What's Behind the News
Utility-scale wind projects using 75 2 MW G90 turbines, delivering 140.6 MW with EPC, start-up, O&M, and 5-year service.
- Esquilvent awards three windfarms totaling 140.6 MW in Castile-Leon.
- Scope includes electrical, civil, supply, assembly, installation, start-up.
- 75 Gamesa G90 turbines rated 2 MW, optimized for low-wind sites.
- Gamesa to operate and maintain the farms for five years.
- Track record: 2,500 MW in region; 18,000 MW installed worldwide.
Spanish renewable energy company Gamesa Corporation SA has landed a contract to build three windfarms in the town of Ampudia in the province of Palencia in northern Spain.

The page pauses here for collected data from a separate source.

Lemma split_lshift m n (i : 'I_m) : split (lshift n i) = inl i.
Proof. exact: (unsplitK (inl i)). Qed.

Lemma split_rshift m n (i : 'I_n) : split (rshift m i) = inr i.
Proof. exact: (unsplitK (inr i)). Qed.

Lemma inputB_merge_inputs (R : realType) n1 n2 m1 m2
    (v1 : 'I_m1 -> 'I_n1) (v2 : 'I_m2 -> 'I_n2) :
  inputB R (merge_inputs v1 v2) = block_mx (inputB R v1) 0 0 (inputB R v2).
Proof.
apply/matrixP => i r; rewrite mxE /merge_inputs.
case: (split_ordP i) => a ->; case: (split_ordP r) => b ->;
  by rewrite ?split_lshift ?split_rshift ?eq_shift
             ?block_mxEul ?block_mxEur ?block_mxEdl ?block_mxEdr !mxE.
Qed.

Section MergedNetwork.
Variables (n1 n2 : nat) (e1 : rel 'I_n1) (e2 : rel 'I_n2) (k : 'I_n1) (l : 'I_n2).
Local Notation e := (merge_rel e1 e2 k l).

Lemma merge_rel_lshift i j : e (lshift n2 i) (lshift n2 j) = e1 i j.
Proof. by rewrite /merge_rel !split_lshift. Qed.

Lemma merge_rel_rshift i j : e (rshift n1 i) (rshift n1 j) = e2 i j.
Proof. by rewrite /merge_rel !split_rshift. Qed.

Lemma merge_rel_bridge i j : e (lshift n2 i) (rshift n1 j) = (i == k) && (j == l).
Proof. by rewrite /merge_rel split_lshift split_rshift. Qed.

Variable R : numDomainType.
Implicit Type M : 'M[R]_(n1 + n2).

Lemma sym_pattern_ulsubmx M : sym_pattern e M -> sym_pattern e1 (ulsubmx M).
Proof.
case=> symM posM zeroM; split=> [|i j ne_ij eij|i j ne_ij eij].
- by rewrite trmx_ulsub symM.
- by rewrite !mxE; apply: posM; rewrite ?eq_shift ?merge_rel_lshift.
- by rewrite !mxE; apply: zeroM; rewrite ?eq_shift ?merge_rel_lshift.
Qed.

Lemma sym_pattern_drsubmx M : sym_pattern e M -> sym_pattern e2 (drsubmx M).
Proof.
case=> symM posM zeroM; split=> [|i j ne_ij eij|i j ne_ij eij].
- by rewrite trmx_drsub symM.
- by rewrite !mxE; apply: posM; rewrite ?eq_shift ?merge_rel_rshift.
- by rewrite !mxE; apply: zeroM; rewrite ?eq_shift ?merge_rel_rshift.
Qed.

Lemma ursubmx_merge M :
  sym_pattern e M -> ursubmx M = M (lshift n2 k) (rshift n1 l) *: delta_mx k l.
Proof.
case=> _ _ zeroM; apply/matrixP => i j; rewrite !mxE.
have [/andP[/eqP-> /eqP->]|not_kl] := boolP ((i == k) && (j == l)).
  by rewrite mulr1.
by rewrite mulr0; apply: zeroM; rewrite ?eq_shift ?merge_rel_bridge.
Qed.

Lemma dlsubmx_merge M :
  sym_pattern e M -> dlsubmx M = M (lshift n2 k) (rshift n1 l) *: delta_mx l k.
Proof.
move=> patM; have [symM _ _] := patM.
by rewrite -[in LHS]symM -trmx_ursub ursubmx_merge // linearZ /= trmx_delta.
Qed.

End MergedNetwork.

Section MergedEigenvector.
Variables (R : realType) (n1 n2 m1 m2 : nat).
Variables (e1 : rel 'I_n1) (e2 : rel 'I_n2) (v1 : 'I_m1 -> 'I_n1) (v2 : 'I_m2 -> 'I_n2).
Variables (k : 'I_n1) (l : 'I_n2).
Hypotheses (irr1 : irreflexive e1) (irr2 : irreflexive e2).
Hypotheses (ssc1 : SSC R e1 v1) (ssc2 : SSC R e2 v2).

Lemma merge_eigenvector_eq0 (M : 'M[R]_(n1 + n2)) (w : 'rV[R]_(n1 + n2)) lam :
  sym_pattern (merge_rel e1 e2 k l) M -> w *m M = lam *: w ->
  w *m inputB R (merge_inputs v1 v2) = 0 -> w = 0.
Proof.
move=> patM; rewrite -[w]hsubmxK -{1}[M]submxK.
set x := lsubmx w; set y := rsubmx w.
rewrite mul_row_block scale_row_mx (ursubmx_merge patM) (dlsubmx_merge patM).
set c := M _ _; case/eq_row_mx => xM yM.
rewrite inputB_merge_inputs mul_row_block !mulmx0 addr0 add0r -row_mx0.
case/eq_row_mx => xB yB.
have patM1 := sym_pattern_ulsubmx patM; have patM2 := sym_pattern_drsubmx patM.
have xk0 : x 0 k = 0.
  apply/eqP; apply: contraT => xk_nz.
  pose d : 'rV_n1 := (c * y 0 l / x 0 k) *: delta_mx 0 k.
  have xM' : x *m (ulsubmx M + diag_mx d) = lam *: x.
    rewrite mulmxDr -xM; congr (_ + _).
    rewrite -scalemxAr mul_rV_delta_mx scalerA mul_mx_diag; apply/rowP => b.
    rewrite !mxE eqxx /=; case: eqP => [->|_]; last by rewrite !mulr0.
    by rewrite !mulr1 mulrC divfK //; rewrite mxE in xk_nz.
  have := SSC_eigenvector_eq0 irr1 ssc1 (sym_pattern_add_diag d patM1) xM' xB.
  by move=> x0; move: xk_nz; rewrite x0 mxE eqxx.
have y0 : y = 0.
  rewrite -scalemxAr mul_rV_delta_mx xk0 scale0r scaler0 add0r in yM.
  exact: SSC_eigenvector_eq0 irr2 ssc2 patM2 yM yB.
have x0 : x = 0.
  rewrite y0 mul0mx addr0 in xM.
  exact: SSC_eigenvector_eq0 irr1 ssc1 patM1 xM xB.
by rewrite x0 y0 row_mx0.
Qed.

The contract has been awarded by Esquilvent, a wind power developer based in Castile-Leon, and the three windfarms will have a combined generating capacity of 140.6 megawatts MW. The contract covers the windfarms' electrical installations, civil engineering and the supply, assembly, installation, start-up and maintenance of 75 Gamesa G90 turbines. On completion, Gamesa, which also secured the Caparo order earlier this year, will operate the facility and provide maintenance services for a five-year period. No financial details were released.
The Gamesa G90 turbines are rated at 2 MW and have a rotor diameter of 90 metres, and developments like Siemens turbines for Pattern Energy illustrate parallel advances. They are specifically designed for use in low-wind locations.
Work will start on the windfarms immediately, with Gamesa confident that the farms will be completed by the end of this year and in the first quarter of 2011, even as the EU windfarm expansion underscores regional momentum.
Gamesa was previously contracted by the same group for the installation of 62 MW of generation capacity spread between two windfarms in Valladolid, also in the Castile-Leon region, while Vestas orders in Poland and Germany indicate robust European demand. Both farms are under construction. Gamesa is expected to announce further deals with the group.
To date, Gamesa has installed more than 2,500 MW of capacity in the Castile-Leon region, 350 MW of which it has developed itself. In the past 15 years, Gamesa has installed more than 18,000 MW of power in 20 countries, on four continents.
In May this year, Gamesa signed an exclusive 10-year supply agreement with wind and solar power developer Cannon Power Group to supply wind turbines for a series of windfarms in the Aubanel Wind Project, located in Mexico's Baja California region, while Union Fenosa's Mexican windfarm permits highlight regulatory timelines in the market. The project will eventually have a capacity of 1,000 MW, but the first phase, which will begin construction within the year, will have an installed capacity of between 70 MW and 100 MW.